Quase metade das cidades europeias bate recordes de stress térmico na onda de calor

Quarenta e cinco por cento das cidades europeias bateram ou estão prestes a superar os máximos históricos de stress térmico durante a atual onda de calor. Um estudo do World Weather Attribution analisou 854 cidades em 30 países e concluiu que este fenómeno teria sido “praticamente impossível” há apenas 50 anos.

Quase metade das cidades europeias bate recordes de stress térmico na onda de calor

A nova onda de calor que está a atingir a Europa está a bater recordes históricos em quase metade das cidades do continente. Um estudo publicado hoje pelo World Weather Attribution analisou 854 cidades em 30 países europeus e concluiu que 385 localidades, 45% do total, ultrapassaram ou poderão ultrapassar nos próximos dias os registos mais elevados de stress térmico alguma vez registados.

O indicador utilizado, conhecido pela sigla WBGT, combina temperatura, humidade, velocidade do vento e radiação para calcular o impacto real do calor no organismo humano. É uma medida mais precisa do que a simples temperatura do ar para avaliar os riscos para a saúde, e é precisamente por isso que os resultados são tão preocupantes.

Onda de calor teria sido impossível há 50 anos

O dado mais perturbador do estudo é a comparação histórica. A atual onda de calor teria sido “praticamente impossível” há apenas 50 anos: as temperaturas registadas numa onda de calor equivalente em 1975 seriam 3,5 graus Celsius mais baixas, tanto de dia como de noite.

As noites quentes, que são um dos fatores que mais afetam a saúde porque impedem o organismo de recuperar, são hoje 100 vezes mais prováveis do que eram em 2003, quando a Europa viveu a sua onda de calor mais mortífera do século XX, com mais de 70 mil mortos. As temperaturas máximas diurnas são até 10 vezes mais frequentes do que eram nessa mesma data.

Em Portugal, a onda de calor de maio foi a segunda mais longa de sempre e a foi também a terceira mais longa com 9,3 dias, o que enquadra a atual vaga num padrão de agravamento progressivo.
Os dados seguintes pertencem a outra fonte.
Lemma sqn_projP j y :
  sqn (y - xs) = sqn (projP A b j y - xs)
     + ((dot (arow A j) y - b j 0) / Num.sqrt (sqn (arow A j))) ^+ 2.
Proof.
have a_gt0 := sqn_arow_gt0 j.
rewrite projPE; set a := arow A j; set c := dot a y - b j 0.
have -> : y - c / sqn a *: a - xs = (y - xs) + (- (c / sqn a)) *: a.
  by rewrite scaleNr addrAC.
have ya : dot (y - xs) a = c by rewrite dotBl /c -xs_sol mulmx_arow !(dotC a).
rewrite [sqn (_ + _ *: _)]sqnD [sqn (_ *: _)]sqn_dot dotZl !dotZr -sqn_dot ya.
by rewrite expr_div_n sqr_sqrtr ?ltW //; field; rewrite gt_eqF.
Qed.

Lemma Pcyc0 y : Pcyc A b 0 y = y.
Proof. by rewrite /Pcyc take0. Qed.

Lemma PcycS k (km : (k < m)%N) y :
  Pcyc A b k.+1 y = projP A b (Ordinal km) (Pcyc A b k y).
Proof.
rewrite /Pcyc (take_nth (Ordinal km)) ?size_enum_ord // foldl_rcons.
by rewrite (nth_ord_enum _ (Ordinal km) : nth _ _ k = _).
Qed.

Lemma sqn_Pcyc y k : (k <= m)%N ->
  sqn (y - xs) = sqn (Pcyc A b k y - xs)
     + \sum_(j < m | (j < k)%N) resid A b y j 0 ^+ 2.
Proof.
elim: k => [_|k IH km]; first by rewrite Pcyc0 big_pred0 ?addr0.
rewrite IH ?(ltnW km) // (PcycS km) (sqn_projP (Ordinal km)) -addrA.
congr (_ + _); rewrite [in RHS](bigD1 (Ordinal km)) //= mxE /=; congr (_ + _).
by apply: eq_bigl => i; rewrite ltnS -val_eqE /= ltn_neqAle andbC.
Qed.

Lemma sqn_resid y : sqn (resid A b y) = sqn (y - xs) - sqn (kaczP A b y - xs).
Proof.
rewrite (sqn_Pcyc y (leqnn m)) /kaczP addrAC subrr add0r sqn_dot dotE.
by apply: eq_big => // i; rewrite ?ltn_ord // => _; rewrite expr2.
Qed.

Lemma dot_kaczP_step y : dot (kaczP A b y - y) (xs - y) =
  (sqn (resid A b y) + sqn (kaczP A b y - y)) / 2.
Proof.
rewrite sqn_resid.
have -> : kaczP A b y - xs = (y - xs) + (kaczP A b y - y).
  by rewrite (addrC (y - xs)) addrA subrK.
by rewrite [sqn (y - xs + _)]sqnD -[xs - y]opprB dotNr (dotC (kaczP A b y - y))
  mulr2n; field.
Qed.

Lemma kaczP_fixed_sol y : kaczP A b y = y -> A *m y = b.
Proof.
move=> Py.
have r0 j : resid A b y j 0 = 0.
  have /eqP := sqn_resid y; rewrite Py subrr sqn_eq0 => /eqP ->.
  by rewrite mxE.
have Pcyc_fix k : (k <= m)%N -> Pcyc A b k y = y.
  elim: k => [|k IH km]; first by rewrite Pcyc0.
  have /eqP := r0 (Ordinal km); rewrite (PcycS km) mxE /= IH ?(ltnW km) // projPE.
  rewrite mulf_eq0 invr_eq0 sqrtr_eq0 leNgt sqn_arow_gt0 orbF => /eqP ->.
  by rewrite mul0r scale0r subr0.
apply/matrixP => j k; rewrite ord1 mulmx_arow.
have /eqP := r0 j; rewrite mxE Pcyc_fix ?(ltnW (ltn_ord j)) //.
by rewrite mulf_eq0 invr_eq0 sqrtr_eq0 leNgt sqn_arow_gt0 orbF subr_eq0 => /eqP.
Qed.

End KaczmarzCycle.

Section Iteration.
Variables (R : rcfType) (m n : nat).
Variables (A : 'M[R]_(m, n)) (b : 'cV[R]_m) (ell : nat) (xs : 'cV[R]_n).
Variable x : nat -> 'cV[R]_n.
Hypothesis rowA_neq0 : forall j : 'I_m, row j A != 0.
Hypothesis xs_sol : A *m xs = b.
Hypothesis x_next : forall k, x k.+1 = next_iter A b ell x k.

Local Notation V := (Vk ell x).
Local Notation d := (dk A b x).
Local Notation M := (Mk A b ell x).
Local Notation s := (sk A b ell x).
Local Notation gamma := (gammak A b x).
Local Notation delta := (deltak A b x).
Local Notation pts := (aff_pts A b ell x).

Lemma jkK k : (jk ell k + (k - jk ell k) = k)%N.
Proof. exact/subnKC/leq_subr. Qed.

Lemma leq_jk i k : (i <= k)%N -> (jk ell i <= jk ell k)%N.
Proof. by move=> ik; rewrite /jk leq_sub2r. Qed.

Lemma col_Vk k (c : 'I_(k - jk ell k)) : col c (V k) = x (jk ell k + c)%N - x k.
Proof. by apply/matrixP => i j; rewrite ord1 !mxE. Qed.

Lemma mul_Vk k (c : 'cV[R]_(k - jk ell k)) :
  V k *m c = \sum_(t < k - jk ell k) c t 0 *: (x (jk ell k + t)%N - x k).
Proof.
apply/matrixP => i j; rewrite ord1 !mxE summxE; apply: eq_bigr => t _.
by rewrite !mxE mulrC.
Qed.

Lemma size_aff_pts k : size (pts k) = (k - jk ell k).+2.
Proof. by rewrite /aff_pts size_rcons size_map size_iota. Qed.

Lemma nth_aff_pts k i : (i <= k - jk ell k)%N -> (pts k)`_i = x (jk ell k + i)%N.
Proof.
move=> ik; rewrite /aff_pts nth_rcons size_map size_iota ltnS ik.
by rewrite (nth_map 0%N) ?size_iota ?ltnS // nth_iota ?ltnS // add0n.
Qed.

Lemma nth_aff_pts_last k : (pts k)`_(k - jk ell k).+1 = kaczP A b (x k).
Proof. by rewrite /aff_pts nth_rcons size_map size_iota ltnn eqxx. Qed.

Lemma gammak_gt0 k : delta k != 0 -> 0 < gamma k.
Proof.
move=> delta0; have := sqn_ge0 (resid A b (x k)).
have : 0 < delta k by rewrite lt_def delta0 sqn_ge0.
by rewrite /gammak /rhok; lra.
Qed.

Lemma dot_dk k : dot (d k) (xs - x k) = gamma k.
Proof. exact: dot_kaczP_step. Qed.

Lemma next_in_aff k : in_aff (pts k) (x k.+1).
Proof.
set K := (k - jk ell k)%N.
pose mu i := if insub i is Some t then usubmx (s k) t 0
             else if i == K.+1 then dsubmx (s k) 0 0 else 0.
have ptsK : (pts k)`_K = x k by rewrite nth_aff_pts // jkK.
have ptsK1 := nth_aff_pts_last k; rewrite -/K in ptsK1.
have ptsV : \sum_(0 <= i < K) mu i *: ((pts k)`_i - x k) = V k *m usubmx (s k).
  rewrite mul_Vk big_mkord; apply: eq_bigr => t _.
  by rewrite /mu valK nth_aff_pts // ltnW.
suff -> : x k.+1 = (pts k)`_K
    + \sum_(i < size (pts k)) mu i *: ((pts k)`_i - (pts k)`_K).
  by apply: in_aff_shift; rewrite size_aff_pts.
rewrite ptsK x_next /next_iter -[s k]vsubmxK /Mk mul_row_col; congr (_ + _).
rewrite -(big_mkord xpredT (fun i => mu i *: ((pts k)`_i - x k))) size_aff_pts.
set P := pts k in ptsK ptsK1 ptsV *; clearbody P.
rewrite !big_nat_recr //= ptsV ptsK ptsK1 subrr scaler0 addr0; congr (_ + _).
rewrite /mu insubF ?ltnNge ?leqnSn // eqxx.
by rewrite {1}[dsubmx (s k)]mx11_scalar mul_mx_scalar.
Qed.

(* The invariant: x_i is the orthogonal projection of xs onto an affine set
   containing x_(j_(i-1)), ..., x_i. *)
Definition window_orth i :=
  forall j, (jk ell i.-1 <= j <= i)%N -> dot (x j - x i) (xs - x i) = 0.

Section Step.
Variable k : nat.
Hypothesis delta_neq0 : delta k != 0.
Hypothesis Vk_inj : forall c : 'cV[R]_(k - jk ell k), V k *m c = 0 -> c = 0.
Hypothesis Vk_orth : (V k)^T *m (xs - x k) = 0.

Lemma trMk_mul : (M k)^T *m (xs - x k) = col_mx 0 (gamma k)%:M.
Proof.
rewrite tr_row_mx mul_col_mx Vk_orth; congr col_mx.
by rewrite [LHS]mx11_scalar -/(dot _ _) dot_dk.
Qed.

Lemma gramMk_unit : (M k)^T *m M k \in unitmx.
Proof.
rewrite /Mk; apply/gram_unitmx/(row_mx_inj Vk_inj Vk_orth).
by rewrite dot_dk gt_eqF ?gammak_gt0.
Qed.

Lemma sk_normal_eq : (M k)^T *m M k *m s k = (M k)^T *m (xs - x k).
Proof. by rewrite /sk scale_elast_col_mx (mulKVmx gramMk_unit) trMk_mul. Qed.

Lemma trMk_mul_next : (M k)^T *m (xs - x k.+1) = 0.
Proof.
rewrite x_next /next_iter opprD addrA mulmxBr (mulmxA (M k)^T) sk_normal_eq.
exact: subrr.
Qed.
O país já enfrentou uma segunda onda de calor mas no futuro pode ter dez por ano.

Os riscos para a saúde

Os investigadores alertam que a combinação de temperaturas extremas e elevada humidade aumenta significativamente os riscos para a saúde, especialmente entre idosos, trabalhadores ao ar livre, crianças e pessoas com condições de vulnerabilidade. O calor húmido perigoso é um fenómeno que mais do que duplicou desde 1970 e os seus efeitos são particularmente insidiosos porque dias aparentemente amenos, com temperatura moderada mas humidade elevada, podem ser mais perigosos do que uma onda de calor seco.

É importante reconhecer os sinais de alarme do calor extremo e saber o que fazer. Tonturas, dores de cabeça intensas, pele seca e quente sem transpiração, confusão mental e cansaço extremo são sinais de que o organismo está em dificuldade. Em dias de calor, a alimentação também pode ajudar o corpo a manter-se fresco e hidratado.

Um ‘disco riscado’

A investigação atribui a intensidade crescente destes fenómenos ao impacto do aquecimento global, provocado pelas emissões contínuas de combustíveis fósseis. As declarações dos cientistas envolvidos são reveladoras da frustração que o tema gera.

“A ciência que explica como as alterações climáticas estão a agravar as ondas de calor é indiscutível e a velocidade da mudança é alarmante. A cada poucos anos temos assistido a recordes de calor na Europa, mas este ano isso aconteceu em meses consecutivos”, afirmou Theodore Keeping, investigador do Imperial College de Londres.

A professora Friederike Otto, do mesmo instituto, foi mais direta. “Sim, isto são as alterações climáticas. Sim, somos nós os responsáveis. Não, não é o El Niño. Sim, temos as soluções. Não, não as estamos a aplicar com a rapidez suficiente.” E acrescentou com amargura que os cientistas começam a parecer “um disco riscado”.

O secretário executivo da ONU para as alterações climáticas, Simon Stiell, apelou a uma “transição mais rápida para as energias limpas, que agora são muito mais baratas do que os combustíveis fósseis, bem como a proteção das florestas e a promoção da resiliência climática”. Os dados são claros. A urgência também. A velocidade da resposta é que continua a ser a grande questão.